Eli Lilly has reported positive six-month results from a Phase IIb clinical trial conducted to investigate its dual glucose-dependent insulinotropic polypeptide (GIP) and GLP-1 receptor agonist (GIP/GLP-1 RA, LY3298176) for the treatment of type 2 diabetes.

Results from the type 2 diabetes trial showed a clinically meaningful decrease in blood sugar and weight loss, with average HbA1c reductions being around 2.4 percentage points.

GIP/GLP-1 RA is a combination of both incretins in a single molecule and is intended to improve clinical benefits offered by a selective GLP-1 RA.

The randomised, placebo-controlled Phase IIb type 2 diabetes trial assessed the efficacy of 1mg, 5mg, 10mg and 15mg doses of GIP/GLP-1 RA, compared to 1.5mg dulaglutide and placebo, in 300 patients over 26 weeks.

The primary objective of the trial was superiority of weekly GIP/GLP-1 RA over placebo in minimising HbA1c from baseline at 26 weeks.

GIP/GLP-1 RA’s safety profile during the type 2 diabetes trial was found to be similar to the GLP-1 RA class. The most common side effects were gastrointestinal-related and dose-dependent.

“We set a high bar for this Phase II study, and the results exceeded our expectations.”

Lilly Diabetes product development vice-president Jeff Emmick said: “Despite the progress we’ve made in diabetes management, people living with type 2 diabetes often need additional treatments as their condition progresses.

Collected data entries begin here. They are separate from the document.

(* Let $n,T\ge1$, $\beta^1,\beta^2\in(0,1)$, and let $\mathcal{V}$ denote the set of all finite products $U_r\cdots U_1$ ($r\ge1$) of matrices $U_s\in\mathcal{S}$. Then: (i) $W$ is invariant under every $H\in\mathcal{V}$; (ii) $\|H\mathbf{z}\|\le\|\mathbf{z}\|$ for all $H\in\mathcal{V}$ and $\mathbf{z}\in W$; (iii) if $Y=U_r\cdots U_1\in\mathcal{V}$ is a product in which at least one factor equals $\begin{bmatrix}E^1&0\\0&I\end{bmatrix}$ and at least one factor equals $\begin{bmatrix}I&0\\0&E^2\end{bmatrix}$, then $\|Y\mathbf{z}\|<\|\mathbf{z}\|$ for every non-zero $\mathbf{z}\in W$.
   Context: $\mathbf{e}\in\mathbb{R}^n$ is the all-ones vector. For $j=1,2$ and $b\in\{\beta^j,1\}^n$, $A_b=\operatorname{diag}(b)+\frac1n\mathbf{e}(\mathbf{e}-b)^\top$; $\mathcal{F}^j=\{A_b:b\in\{\beta^j,1\}^n\}$; $B^j=\beta^jI+\frac{1-\beta^j}{n}\mathbf{e}\mathbf{e}^\top$. For $A\in\mathcal{F}^j$, $D(A)\in\mathbb{R}^{Tn\times Tn}$ is the $T\times T$ block matrix with: block row 1 equal to $(A,0,\dots,0)$; block row 2 (if $T\ge2$) equal to $(\tfrac12(A+I),0,\dots,0)$; for $3\le\ell\le T$, block row $\ell$ has $\tfrac1\ell A$ in block column 1, $\tfrac{\ell-1}{\ell}I$ in block column $\ell-1$, zeros elsewhere. $\mathcal{Q}^j=\{D(A):A\in\mathcal{F}^j\}$, $E^j=D(B^j)$. $\mathcal{S}$ is the set of all $2Tn\times2Tn$ matrices $\begin{bmatrix}D^1&0\\0&I\end{bmatrix}$ ($D^1\in\mathcal{Q}^1$) and $\begin{bmatrix}I&0\\0&D^2\end{bmatrix}$ ($D^2\in\mathcal{Q}^2$). For $\mathbf{z}^j=((\mathbf{z}^j_1)^\top,\dots,(\mathbf{z}^j_T)^\top)^\top\in\mathbb{R}^{Tn}$, $\|\mathbf{z}^j\|_T=\max_t\|\mathbf{z}^j_t\|_1$, and for $\mathbf{z}=(\mathbf{z}^1,\mathbf{z}^2)$, $\|\mathbf{z}\|=\max\{\|\mathbf{z}^1\|_T,\|\mathbf{z}^2\|_T\}$. $W=\{(\mathbf{z}^1,\mathbf{z}^2):\mathbf{e}^\top\mathbf{z}^1_t=\mathbf{e}^\top\mathbf{z}^2_t=0,\ t=1,\dots,T\}$. *)

From HB Require Import structures.
From mathcomp Require Import all_boot all_order all_algebra.
Set Implicit Arguments. Unset Strict Implicit. Unset Printing Implicit Defensive.
Import Order.TTheory GRing.Theory Num.Theory.
Local Open Scope ring_scope.

Section Defs.
Variable R : realFieldType.

(* size of the stacked vector z^j = (z^j_1, ..., z^j_T), each z^j_t in R^n *)
Definition stk (T n : nat) : nat := (\sum_(t < T) (fun _ : 'I_T => n) t)%N.

Definition evec (n : nat) : 'cV[R]_n := const_mx 1.

Definition Amat (n : nat) (b : 'rV[R]_n) : 'M[R]_n :=
  diag_mx b + (n%:R)^-1 *: (evec n *m (const_mx 1 - b)).

Definition inF (n : nat) (beta : R) (A : 'M[R]_n) : Prop :=
  exists b : 'rV[R]_n, (forall i, b 0 i = beta \/ b 0 i = 1) /\ A = Amat b.

Definition Bmat (n : nat) (beta : R) : 'M[R]_n :=
  beta *: 1%:M + ((1 - beta) / n%:R) *: (evec n *m (evec n)^T).

(* blocks of D(A), with 0-based block indices l (row) and c (column):
   block row 1: (A,0,...,0); block row 2: ((A+I)/2,0,...,0);
   block row l+1 >= 3: A/(l+1) in column 1, l/(l+1) I in column l, 0 elsewhere *)
Definition Dblk (T n : nat) (A : 'M[R]_n) (l c : 'I_T) : 'M[R]_n :=
  if (l == 0%N :> nat) then (if (c == 0%N :> nat) then A else 0)
  else if (l == 1%N :> nat) then (if (c == 0%N :> nat) then 2%:R^-1 *: (A + 1%:M) else 0)
  else if (c == 0%N :> nat) then (l.+1%:R)^-1 *: A
  else if (c == l.-1 :> nat) then (l%:R / l.+1%:R) *: 1%:M
  else 0.

Definition Dmat (T n : nat) (A : 'M[R]_n) : 'M[R]_(stk T n) :=
  \mxblock_(l < T, c < T) Dblk A l c.

Definition inQ (T n : nat) (beta : R) (D : 'M[R]_(stk T n)) : Prop :=
  exists A, inF beta A /\ D = Dmat T A.

Definition Emat (T n : nat) (beta : R) : 'M[R]_(stk T n) := Dmat T (Bmat n beta).

Definition blk1 (T n : nat) (D : 'M[R]_(stk T n)) : 'M[R]_(stk T n + stk T n) :=
  block_mx D 0 0 1%:M.
Definition blk2 (T n : nat) (D : 'M[R]_(stk T n)) : 'M[R]_(stk T n + stk T n) :=
  block_mx 1%:M 0 0 D.

Definition inS (T n : nat) (beta1 beta2 : R) (H : 'M[R]_(stk T n + stk T n)) : Prop :=
  (exists D1, inQ beta1 D1 /\ H = blk1 D1) \/ (exists D2, inQ beta2 D2 /\ H = blk2 D2).

(* product U_r ... U_1 of the list [:: U_r; ...; U_1] *)
Definition mxprod (m : nat) (s : seq 'M[R]_m) : 'M[R]_m :=
  foldr (fun U P => U *m P) 1%:M s.

Definition inV (T n : nat) (beta1 beta2 : R) (H : 'M[R]_(stk T n + stk T n)) : Prop :=
  exists s : seq 'M[R]_(stk T n + stk T n),
    s != [::] /\ (forall U, U \in s -> inS beta1 beta2 U) /\ H = mxprod s.

Definition zpart (T n : nat) (z : 'cV[R]_(stk T n + stk T n)) (j : bool) : 'cV[R]_(stk T n) :=
  if j then dsubmx z else usubmx z.   (* j = false : z^1, j = true : z^2 *)
Definition zblk (T n : nat) (w : 'cV[R]_(stk T n)) (t : 'I_T) : 'cV[R]_n :=
  submxcol w t.

Definition norm1 (n : nat) (v : 'cV[R]_n) : R := \sum_i `|v i 0|.

(* ||w||_T = max_t ||w_t||_1  (all terms are >= 0, so 0 is a neutral start) *)
Definition normT (T n : nat) (w : 'cV[R]_(stk T n)) : R :=
  \big[Num.max/0]_(t < T) norm1 (zblk w t).

Definition normz (T n : nat) (z : 'cV[R]_(stk T n + stk T n)) : R :=
  Num.max (normT (zpart z false)) (normT (zpart z true)).

Definition inW (T n : nat) (z : 'cV[R]_(stk T n + stk T n)) : Prop :=
  forall (j : bool) (t : 'I_T), \sum_i (zblk (zpart z j) t) i 0 = 0.

End Defs.

From HB Require Import structures.
From mathcomp Require Import all_boot all_order all_algebra.
From mathcomp Require Import ring lra.
Import Order.TTheory GRing.Theory Num.Theory.
Local Open Scope ring_scope.
Set Implicit Arguments. Unset Strict Implicit. Unset Printing Implicit Defensive.
Lemma rational_gap_lb (p : int) (q : nat) (x : R) (K1 K2 : int) (N : nat) y :
  (0 < q)%N -> x = p%:~R / q%:R -> defect_gap p q K1 K2 ->
  K1%:~R <= 2 * Num.sqrt (N%:R : R) + 1 -> K2%:~R <= 2 * Num.sqrt (N%:R : R) + 1 ->
  fsqrt N y ->
  (x < y -> x + K1%:~R / (q%:R ^+ 2 * (2 * Num.sqrt N%:R + 1)) <= y) /\
  (y < x -> y <= x - K2%:~R / (q%:R ^+ 2 * (2 * Num.sqrt N%:R + 1))).
Proof.
move=> q0 hx gapK hK1 hK2 [n [n1 nN _ [j ->]]].
have hk := sqr_defect_real j n q0 hx.
have [gK1 gK2] := gapK n j.
set k := sqr_defect p q n j in hk gK1 gK2.
set s := Num.sqrt (N%:R : R) in hK1 hK2 *; set Q : R := q%:R in hk *.
set c := x - j%:~R in hk.
have yx : Num.sqrt n%:R + j%:~R - x = Num.sqrt n%:R - c by rewrite /c; ring.
have Q1 : 1 <= Q ^+ 2 by apply: exprn_ege1; rewrite /Q ler1n.
have D0 : 0 < Q ^+ 2 * (2 * s + 1).
  by apply: mulr_gt0; [lra | rewrite ltr_wpDl // ?mulr_ge0 ?sqrtr_ge0].
have sn1 : 1 <= Num.sqrt (n%:R : R) by rewrite -[X in X <= _]sqrtr1 ler_sqrt // ler1n.
have snN : Num.sqrt (n%:R : R) <= s by rewrite ler_sqrt // ler_nat.
have le1 (K : int) : K%:~R <= 2 * s + 1 -> K%:~R / (Q ^+ 2 * (2 * s + 1)) <= 1.
  by move=> hK; rewrite ler_pdivrMr // mul1r; apply: le_trans hK _; rewrite ler_peMl //; lra.
have K1s := le1 _ hK1; have K2s := le1 _ hK2.
have [d1|d1] := ltrP `|Num.sqrt n%:R - c| 1; last first.
  by move: d1; rewrite -yx; split => ?; [rewrite gtr0_norm in d1 | rewrite ltr0_norm in d1]; lra.
have [sg_pos sg_neg bnd] := sqr_defect_near sn1 snN d1.
have QQ : 0 < Q ^+ 2 by lra.
have kb : `|k%:~R| <= `|Num.sqrt n%:R - c| * (Q ^+ 2 * (2 * s + 1)) :> R.
  by rewrite hk normrM (ger0_norm (ltW QQ)) mulrCA (ler_wpM2l (ltW QQ)).
split => hxy.
- have dl0 : 0 < Num.sqrt n%:R - c by rewrite -yx subr_gt0.
  have kp : 0 < k by rewrite -(ltr0z R) hk pmulr_rgt0 // sg_pos.
  have K1k : K1%:~R <= `|k%:~R| :> R by rewrite gtr0_norm ?ltr0z // ler_int gK1.
  rewrite (gtr0_norm dl0) in kb.
  suff : K1%:~R / (Q ^+ 2 * (2 * s + 1)) <= Num.sqrt n%:R - c by lra.
  by rewrite ler_pdivrMr //; lra.
- have dl0 : Num.sqrt n%:R - c < 0 by rewrite -yx subr_lt0.
  have kn : k < 0 by rewrite -(ltrz0 R) hk pmulr_rlt0 // sg_neg.
  have K2k : K2%:~R <= `|k%:~R| :> R by rewrite ltr0_norm ?ltrz0 // -intrN ler_int lerNr gK2.
  rewrite (ltr0_norm dl0) in kb.
  suff : K2%:~R / (Q ^+ 2 * (2 * s + 1)) <= - (Num.sqrt n%:R - c) by lra.
  by rewrite ler_pdivrMr //; lra.
Qed.
(* Let $S\subseteq[12]$ be such that $\mathsf{MAIS}(G^*_S)<\alpha(G^*_{S,u})$. Then for any valid index code for the problem $\mathcal{B}^*_S$ with locality $1$, whose receivers $u_1,u_2,u_3$ observe codeword symbols indexed by $R_1,R_2,R_3$ respectively, we have $|R_i\cap R_j|=0$ for every $1\le i<j\le3$.
   Context: Index coding model. A unicast index coding problem has receivers $u_1,\dots,u_n$ and messages $\mathbf{x}_j$, each a vector in $\mathcal{A}^m$ for a finite alphabet $\mathcal{A}$ and positive integer $m$. Receiver $u_i$ demands $\mathbf{x}_j$, $j\in W_i$, and knows $\mathbf{x}_j$, $j\in K_i$, with $W_i\cap K_i=\emptyset$, the $W_i$ pairwise disjoint and every message demanded by exactly one receiver. An index code consists of an encoder mapping the messages to a codeword $\mathbf{c}\in\mathcal{A}^\ell$, subsets $R_i\subseteq[\ell]$ (receiver $u_i$ observes only $\mathbf{c}_{R_i}$), and decoders at each $u_i$ mapping $(\mathbf{c}_{R_i},\mathbf{x}_{K_i})$ to $\mathbf{x}_{W_i}$; it is valid if every receiver decodes correctly for all message values. The locality at $u_i$ is $|R_i|/(m|W_i|)$ and the locality of the code is the maximum over receivers (receivers with no demand impose no constraint). The problem $\mathcal{B}^*$ has three receivers and 12 messages with $W_1=\{1,2,3,4\}$, $W_2=\{5,6,7,8\}$, $W_3=\{9,10,11,12\}$, $K_1=\{5,6,9,10\}$, $K_2=\{1,2,9,11\}$, $K_3=\{1,3,5,7\}$. For $S\subseteq[12]$, $\mathcal{B}^*_S$ is the sub-problem with receivers $u_1,u_2,u_3$, messages $\mathbf{x}_j$, $j\in S$, demand sets $W_i\cap S$ and side information sets $K_i\cap S$. $G^*$ is the directed graph on $[12]$ with a directed edge $(a,b)$ iff $b\in K_i$ where $a\in W_i$; $G^*_u$ is the undirected graph on $[12]$ with $\{a,b\}$ an edge iff both $(a,b)$ and $(b,a)$ are edges of $G^*$; $G^*_S$, $G^*_{S,u}$ are the subgraphs induced by $S$. $\mathsf{MAIS}(D)$ is the maximum number of vertices of an acyclic induced subgraph of a directed graph $D$; $\alpha$ is the independence number. *)

From HB Require Import structures.
From mathcomp Require Import all_boot all_order all_algebra.
Set Implicit Arguments. Unset Strict Implicit. Unset Printing Implicit Defensive.
Import Order.TTheory GRing.Theory Num.Theory.

(* Messages 1..12 are represented by 'I_12 (message j+1 is the ordinal j);
   receivers u_1,u_2,u_3 by 'I_3 (u_(i+1) is the ordinal i). *)

Definition Wn (i : nat) : seq nat :=
  match i with 1 => [:: 1; 2; 3; 4] | 2 => [:: 5; 6; 7; 8]
             | 3 => [:: 9; 10; 11; 12] | _ => [::] end.
Definition Kn (i : nat) : seq nat :=
  match i with 1 => [:: 5; 6; 9; 10] | 2 => [:: 1; 2; 9; 11]
             | 3 => [:: 1; 3; 5; 7] | _ => [::] end.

“We set a high bar for this Phase II study, and the results exceeded our expectations. We’re excited to continue studying GIP/GLP-1 RA and hope to add it to our wide range of therapies for people with diabetes.”

GIP/GLP-1 RA is being further investigated in the Phase III SURPASS clinical programme for type 2 diabetes patients. Lilly also plans to evaluate the use of GIP/GLP-1 RA for obesity and other disorders.

Lilly, in alliance with Boehringer Ingelheim, also reported full results from the CARMELINA trial that studied the long-term effect of Tradjenta on cardiovascular safety and kidney outcomes in 6,979 type 2 diabetes patients at high risk for heart and/or kidney disease.

The trial met its primary endpoint of a similar cardiovascular safety profile compared to placebo when added to standard of care.